Nonsynonymous single nucleotide polymorphisms (nsSNPs) in coding regions that can lead to amino acid changes may cause alteration of protein function and account for susceptivity to disease and altered drug response. Identification of deleterious nsSNPs from tolerant nsSNPs is important for characterizing the genetic basis of human disease, assessing individual susceptibility to disease, understanding the pathogenesis of disease, identifying molecular targets for drug treatment, and conducting individualized pharmacotherapy. Numerous nsSNPs have been found in genes coding for human cytochromes P450 (P450s), but there is poor knowledge on the relationship between the genotype and phenotype of nsSNPs in P450s. We have identified 791 validated nsSNPs in 57 validated human CYP genes from the National Center for Biotechnology Information Database of Single Nucleotide Polymorphism and Swiss-Prot database. Using the polymorphism phenotyping (PolyPhen; http://genetics.bwh.harvard.edu/pph) and sorting intolerant from tolerant (SIFT; http://blocks.fhcrc.org/sift/SIFT.html) algorithms, 39 to 43% of nsSNPs in CYP genes were predicted to have functional impacts on protein function. There was a significant concordance between the predicted results using the SIFT and PolyPhen algorithms. A prediction accuracy analysis found that approximately 70% of nsSNPs were predicted correctly as damaging. Of nsSNPs predicted as deleterious, the prediction scores by the SIFT and PolyPhen algorithms were significantly associated with the numbers of nsSNPs with known phenotype confirmed by benchmarking studies, including site-directed mutagenesis analysis and clinical association studies. These amino acid substitutions are supposed to be the pathogenetic basis for the alteration of P450 enzyme activity and the association with disease susceptivity. This prediction analysis of nsSNPs in human CYP genes would be useful for further genotype-phenotype studies on individual differences in drug clearance and clinical response.

Footnotes

  • This work was supported in part by the National Natural Sciences Foundations of People's Republic of China [Grant 30671760]; and the State Scholarship Fund of China (to L.-L.W.).

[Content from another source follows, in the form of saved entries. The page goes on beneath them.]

(* Fix $B\in\mathbb N$ and allocation functions $w_j$, $j\in[B]$, where $w_j$ maps $\mu^{j-1}=(\mu_1,\dots,\mu_{j-1})\in((\Delta_{\mathcal X})^K)^{j-1}$ to $\Delta_K$ ($w_1$ a constant). Consider the batched sampling scheme with horizon $T$: in batch $j=1,\dots,B$ each arm $a$ is pulled exactly $w_j(a)(Q^{j-1})\,T/B$ times (horizons $T$ are restricted to those for which these counts are integers), each pull of arm $a$ yields an independent sample from $\nu_a$, and $Q_{j,a}$ is the empirical distribution of the samples of arm $a$ in batch $j$ (a fixed arbitrary distribution if there are none), $Q_j=(Q_{j,a})_a$, $Q^j=(Q_1,\dots,Q_j)$. Then for every set $\Gamma\subseteq((\Delta_{\mathcal X})^K)^B$, $$\liminf_{T\to\infty}-\frac1T\log P_\nu\big[Q^B\in\Gamma\big]\ \ge\ \inf_{\mu^B\in\bar\Gamma}\ \frac1B\sum_{j=1}^B\sum_{a=1}^Kw_j(a)(\mu^{j-1})\,D(\mu_{j,a}\|\nu_a),$$ where $\bar\Gamma$ is the closure of $\Gamma$ and $\mu^B=(\mu_1,\dots,\mu_B)$ with $\mu_j=(\mu_{j,a})_a$.
   Context: $\mathcal X$ is a finite set, $\Delta_{\mathcal X}$ the probability distributions on $\mathcal X$, $\Delta_K$ the simplex on $[K]$, $D$ the KL divergence. $\nu=(\nu_a)_{a\in[K]}$ is a bandit with each $\nu_a\in\Delta_{\mathcal X}$ having full support on $\mathcal X$; $P_\nu$ denotes the law of the sampling scheme under $\nu$. *)

From mathcomp Require Import all_boot all_order all_algebra.
From mathcomp Require Import all_classical all_reals all_analysis.
Set Implicit Arguments. Unset Strict Implicit. Unset Printing Implicit Defensive.
Import Order.TTheory GRing.Theory Num.Theory.
Import numFieldNormedType.Exports.
Local Open Scope ring_scope.
Local Open Scope classical_set_scope.

Notation config R X K B := {ptws 'I_B -> {ptws 'I_K -> {ptws X -> R}}}.

Section Batched.
Variables (R : realType) (X : finType) (K B : nat).

Definition is_dist (p : X -> R) : Prop := (forall x, 0 <= p x) /\ \sum_(x : X) p x = 1.
Definition is_simplex (p : 'I_K -> R) : Prop :=
  (forall a, 0 <= p a) /\ \sum_(a < K) p a = 1.

(* KL divergence D(p||q) = sum_x p(x) log(p(x)/q(x)), with 0 log 0 = 0
   (finite here since q has full support in our uses). *)
Definition KL (p q : X -> R) : R :=
  \sum_(x : X) (if p x == 0 then 0 else p x * ln (p x / q x)).

(* a configuration mu^B = (mu_{j,a})_{j in [B], a in [K]} in ((Delta_X)^K)^B,
   seen inside the ambient space (R^X)^K)^B with its product (= Euclidean) topology *)
Local Notation config := {ptws 'I_B -> {ptws 'I_K -> {ptws X -> R}}}.
Definition is_config (mu : config) : Prop := forall j a, is_dist (mu j a).

(* allocation functions: w j maps the prefix mu^{j-1} = (mu_i)_{i < j}
   (batches indexed from 0) to a vector indexed by arms *)
Definition alloc := forall j : 'I_B, ('I_j -> 'I_K -> X -> R) -> 'I_K -> R.

Definition prefix (j : 'I_B) (mu : 'I_B -> 'I_K -> X -> R) : 'I_j -> 'I_K -> X -> R :=
  fun i => mu (widen_ord (ltnW (ltn_ord j)) i).
Arguments prefix : clear implicits.

Definition rate (w : alloc) (nu : 'I_K -> X -> R) (mu : config) : R :=
  B%:R^-1 * \sum_(j < B) \sum_(a < K) w j (prefix j mu) a * KL (mu j a) (nu a).

(* Outcome space: for batch j and arm a, a stack of T i.i.d. samples of nu_a;
   the pulls of arm a in batch j read the first n_{j,a} <= T entries. *)
Definition outcome (T : nat) := {ffun 'I_B -> {ffun 'I_K -> {ffun 'I_T -> X}}}.

Definition outcome_prob (nu : 'I_K -> X -> R) (T : nat) (om : outcome T) : R :=
  \prod_(j < B) \prod_(a < K) \prod_(t < T) nu a (om j a t).

(* number of pulls (the real number w_j(a)(Q^{j-1}) T / B, rounded down;
   for admissible T it is an integer, so no rounding happens) *)
Definition pulls_real (w : alloc) (T : nat) (j : 'I_B) (h : seq ('I_K -> X -> R))
  (a : 'I_K) : R :=
  w j (fun i : 'I_j => nth (fun _ _ => 0) h i) a * T%:R / B%:R.

Definition empirical (q0 : X -> R) (T n : nat) (row : 'I_T -> X) (x : X) : R :=
  if n == 0%N then q0 x
  else (#|[set t : 'I_T | (t < n)%N && (row t == x)]|)%:R / n%:R.

Definition batch (w : alloc) (q0 : X -> R) (T : nat) (om : outcome T)
  (m : nat) (h : seq ('I_K -> X -> R)) : 'I_K -> X -> R :=
  match @insub nat (fun k => (k < B)%N) 'I_B m with
  | Some j => fun a => empirical q0 (Num.truncn (pulls_real w T j h a)) (om j a)
  | None => fun _ _ => 0
  end.

Fixpoint history (w : alloc) (q0 : X -> R) (T : nat) (om : outcome T) (m : nat)
  : seq ('I_K -> X -> R) :=
  match m with
  | 0%N => [::]
  | m'.+1 => let h := history w q0 om m' in rcons h (batch w q0 om m' h)
  end.

Definition QB (w : alloc) (q0 : X -> R) (T : nat) (om : outcome T) : config :=
  fun j => nth (fun _ _ => 0) (history w q0 om B) j.

Definition admissible (w : alloc) (q0 : X -> R) (T : nat) : Prop :=
  forall (om : outcome T) (j : 'I_B) (a : 'I_K),
    pulls_real w T j (history w q0 om j) a \is a Num.nat.

Definition probQ (w : alloc) (q0 : X -> R) (nu : 'I_K -> X -> R) (T : nat)
  (Gamma : set config) : R :=
  \sum_(om : outcome T | `[< Gamma (QB w q0 om) >]) outcome_prob nu om.

(* -(1/T) log P_nu[Q^B in Gamma] in the extended reals (+oo if the probability is 0);
   non-admissible horizons (and T = 0) are assigned +oo, so that the liminf of this
   sequence over all T is the liminf over admissible horizons. *)
Definition neg_log_rate (w : alloc) (q0 : X -> R) (nu : 'I_K -> X -> R)
  (Gamma : set config) (T : nat) : \bar R :=
  if `[< admissible w q0 T >] && (0 < T)%N then
    let p := probQ w q0 nu T Gamma in
    if p == 0 then +oo%E else (- (T%:R^-1 * ln p))%:E
  else +oo%E.

End Batched.

From Pilot Require Import Defs.
From mathcomp Require Import all_boot all_order all_algebra.
From mathcomp Require Import all_classical all_reals all_analysis.
From mathcomp Require Import ring lra.
Import Order.TTheory GRing.Theory Num.Theory.
Import numFieldNormedType.Exports.
Local Open Scope ring_scope.
Local Open Scope classical_set_scope.
Set Implicit Arguments. Unset Strict Implicit. Unset Printing Implicit Defensive.

(* Method of types.  Group the outcomes by their joint type: for each batch j,
   arm a and symbol x, the number of occurrences of x among the samples of arm
   a actually used in batch j.  Since the pull counts of batch j are functions
   of Q^{j-1}, the joint type determines the whole history, hence Q^B.  A type
   class whose empirical distributions are Q has probability at most
   exp(-sum_{j,a} n_{j,a} D(Q_{j,a} || nu_a)) = exp(-T rate(Q)), and there are
   at most (T+1)^{|X| K B} joint types, so
   P[Q^B in Gamma] <= (T+1)^{|X| K B} exp(-T inf_Gamma rate),
   and the polynomial factor disappears at the scale (1/T) log.  The infimum
   over Gamma dominates the one over its closure. *)

Section SumProd.
Variable R : numDomainType.

Lemma ler_sum_subpred (I : finType) (P Q : pred I) (F : I -> R) :
  (forall i, 0 <= F i) -> (forall i, P i -> Q i) ->
  \sum_(i | P i) F i <= \sum_(i | Q i) F i.
Proof.
move=> F0 PQ; rewrite big_mkcond [leRHS]big_mkcond; apply: ler_sum => i _.
by case: ifP => [/PQ ->|_] //; case: ifP.
Qed.

Lemma sum_ffun_prod_le (I J : finType) (P : pred {ffun I -> J}) (g : I -> J -> R) :
  (forall i j, 0 <= g i j) ->
  \sum_(f | P f) \prod_i g i (f i) <= \prod_i \sum_j g i j.
Proof.
move=> g0; rewrite bigA_distr_bigA; apply: ler_sum_subpred => // f.
by apply: prodr_ge0 => i _.
Qed.

End SumProd.

Section PrefixType.
Variables (R : realType) (X : finType) (T : nat).
Implicit Types (n : nat) (r : 'I_T -> X).

Definition prefix_count n r x : nat :=
  #|[set t : 'I_T | (t < n)%N && (r t == x)]|.

Definition same_prefix_type n r r' : bool :=
  [forall x, prefix_count n r x == prefix_count n r' x].

Lemma prefix_countE (q0 : X -> R) n r x :
  (prefix_count n r x)%:R = n%:R * empirical q0 n r x :> R.
Proof.
rewrite /empirical; have [->|n0] := posnP n; last first.
  by rewrite mulrC divfK // pnatr_eq0 -lt0n.
suff -> : prefix_count 0 r x = 0%N by rewrite mul0r.
by rewrite /prefix_count; apply: eq_card0 => t; apply/negP; rewrite in_setE.
Qed.

Lemma sum_prefix (f : X -> R) n r :
  \sum_(t < T | (t < n)%N) f (r t) = \sum_x (prefix_count n r x)%:R * f x.
Proof.
rewrite (partition_big r xpredT) //=; apply: eq_bigr => x _.
rewrite (eq_bigr (fun=> f x)); last by move=> t /andP[_ /eqP->].
rewrite (eq_bigl (mem [set t : 'I_T | (t < n)%N && (r t == x)])).
  by rewrite sumr_const mulr_natl; congr (_ *+ _); apply: eq_card => t.
by move=> t /=; apply/idP/idP => [h|/set_mem //]; apply: mem_set.
Qed.

Lemma card_prefix_le n : (#|[pred t : 'I_T | (t < n)%N]| <= n)%N.
Proof.
case: n => [|n]; first by rewrite leqn0; apply/eqP; apply: eq_card0 => t.
rewrite -[leqRHS]card_ord.
apply: (@leq_card_in _ _ (fun t : 'I_T => (inord t : 'I_n.+1))) => t1 t2.
rewrite !inE => h1 h2 /(congr1 val); rewrite /= !inordK // => e.
exact: val_inj.
Qed.

Lemma prefix_count_le n r x : (prefix_count n r x <= T)%N.
Proof. by rewrite /prefix_count -[leqRHS]card_ord max_card. Qed.

Lemma empirical_ge0 (q0 : X -> R) n r x : (0 < n)%N -> 0 <= empirical q0 n r x.
Proof. by move=> n0; rewrite /empirical gtn_eqF. Qed.

Lemma sum_empirical_le1 (q0 : X -> R) n r : (0 < n)%N -> \sum_x empirical q0 n r x <= 1.
Proof.
move=> n0; have nR0 : 0 < n%:R :> R by rewrite ltr0n.
rewrite -(ler_pM2l nR0) mulr1 mulr_sumr.
under eq_bigr do rewrite -(prefix_countE q0) -[_%:R]mulr1.
rewrite -sum_prefix sumr_const ler_nat; exact: card_prefix_le.
Qed.

Variables (p q0 : X -> R) (n : nat) (r0 : 'I_T -> X).
Hypothesis p_gt0 : forall x, 0 < p x.
Local Notation q := (empirical q0 n r0).

Lemma empirical_gt0_prefix r (t : 'I_T) :
  same_prefix_type n r r0 -> (t < n)%N -> 0 < q (r t).
Proof.
move=> /forallP/(_ (r t))/eqP rr0 tn.
have n0 : 0 < n%:R :> R by rewrite ltr0n (leq_ltn_trans _ tn).
rewrite -(pmulr_rgt0 _ n0) -prefix_countE -rr0 ltr0n; apply/card_gt0P.
by exists t; apply: mem_set; rewrite /= tn eqxx.
Qed.

Lemma sum_prefix_ln_ratio r : same_prefix_type n r r0 ->
  \sum_(t < T | (t < n)%N) ln (p (r t) / q (r t)) = - (n%:R * KL q p).
Proof.
move=> /forallP rr0; rewrite (sum_prefix (fun x => ln (p x / q x))) /KL.
rewrite mulr_sumr -sumrN; apply: eq_bigr => x _.
rewrite (eqP (rr0 x)) (prefix_countE q0); have [->|qx0] := eqVneq (q x) 0.
  by rewrite !(mulr0, mul0r, oppr0).
have [n0|n0] := posnP n; first by rewrite n0 !mul0r oppr0.
have qx_gt0 : 0 < q x by rewrite lt0r qx0 empirical_ge0.
by rewrite -[p x / q x]invf_div lnV ?posrE ?divr_gt0 // mulrN mulrA.
Qed.

Lemma prod_same_prefix_type r : same_prefix_type n r r0 ->
  \prod_(t < T) p (r t) =
  expR (- (n%:R * KL q p)) * \prod_(t < T) (if (t < n)%N then q (r t) else p (r t)).
Proof.
move=> rr0; rewrite (bigID (fun t : 'I_T => (t < n)%N)).
rewrite [in RHS](bigID (fun t : 'I_T => (t < n)%N)) /=.
rewrite mulrA; congr (_ * _); last by apply: eq_bigr => t /negbTE ->.
rewrite -(sum_prefix_ln_ratio rr0) expR_sum -big_split /=; apply: eq_bigr => t tn.
have q_gt0 := empirical_gt0_prefix rr0 tn.
by rewrite tn lnK ?posrE ?divr_gt0 // divfK // gt_eqF.
Qed.

(* The class is dominated by the product measure that draws the first n
   entries from q instead of p, and q has total mass at most 1. *)
Lemma type_class_prob_le : is_dist p ->
  \sum_(r : {ffun 'I_T -> X} | same_prefix_type n r r0) \prod_(t < T) p (r t)
  <= expR (- (n%:R * KL q p)).
Proof.
move=> [p_ge0 p_sum1].
under eq_bigr => r rr0 do rewrite (prod_same_prefix_type rr0).
rewrite -mulr_sumr.
apply: ler_piMr; first exact: expR_ge0.
pose g (t : 'I_T) x := if (t < n)%N then q x else p x.
have g_ge0 t x : 0 <= g t x.
  by rewrite /g; case: ifP => // tn; exact/empirical_ge0/(leq_ltn_trans _ tn).
apply: le_trans (sum_ffun_prod_le _ g_ge0) _.
apply: prodr_ile1 => t _; apply/andP; split; first exact: sumr_ge0.
rewrite /g; have [tn|tn] := ltnP t n.
  exact: sum_empirical_le1 (leq_ltn_trans _ tn).
by rewrite p_sum1.
Qed.

End PrefixType.

Section Scheme.
Variables (R : realType) (X : finType) (K B : nat).
Variables (nu : 'I_K -> X -> R) (w : alloc R X K B) (q0 : X -> R) (T : nat).
Implicit Types (om : outcome X K B T).

Local Notation no_batch := (fun (_ : 'I_K) (_ : X) => 0 : R).

Lemma size_history om m : size (history w q0 om m) = m.
Proof. by elim: m => //= m IH; rewrite size_rcons IH. Qed.

Lemma nth_history om m i : (i < m)%N ->
  nth no_batch (history w q0 om m) i = batch w q0 om i (history w q0 om i).
Proof.
elim: m => // m IH; rewrite ltnS leq_eqVlt => /orP[/eqP->|im] /=.
  by rewrite nth_rcons size_history ltnn eqxx.
by rewrite nth_rcons size_history im IH.
Qed.

Definition pulls om (j : 'I_B) (a : 'I_K) : nat :=
  Num.truncn (pulls_real w T j (history w q0 om j) a).

Lemma QB_empirical om (j : 'I_B) :
  QB w q0 om j = fun a => empirical q0 (pulls om j a) (om j a).
Proof.
rewrite /QB nth_history // /batch.
by case: insubP => [j' _ /val_inj -> //|]; rewrite ltn_ord.
Qed.

Lemma prefix_QB om (j : 'I_B) :
  Defs.prefix (j := j) (QB w q0 om) =
  fun i : 'I_j => nth no_batch (history w q0 om j) i.
Proof.
apply: funext => i; rewrite /Defs.prefix /QB /= !nth_history //.
exact: ltn_trans (ltn_ord i) (ltn_ord j).
Qed.

Local Notation joint_types := {ffun 'I_B -> {ffun 'I_K -> {ffun X -> 'I_T.+1}}}.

  • Article, publication date, and citation information can be found at http://dmd.aspetjournals.org.

  • doi:10.1124/dmd.108.026047.

  • ABBREVIATIONS: SNP, single nucleotide polymorphism; NCBI, National Center for Biotechnology Information; dbSNP, Database of Single Nucleotide Polymorphism; nsSNP, nonsynonymous single nucleotide polymorphism; OMIM, Online Mendelian Inheritance in Man; SIFT, sorting intolerant from tolerant; PolyPhen, polymorphism phenotyping; P450, cytochrome P450.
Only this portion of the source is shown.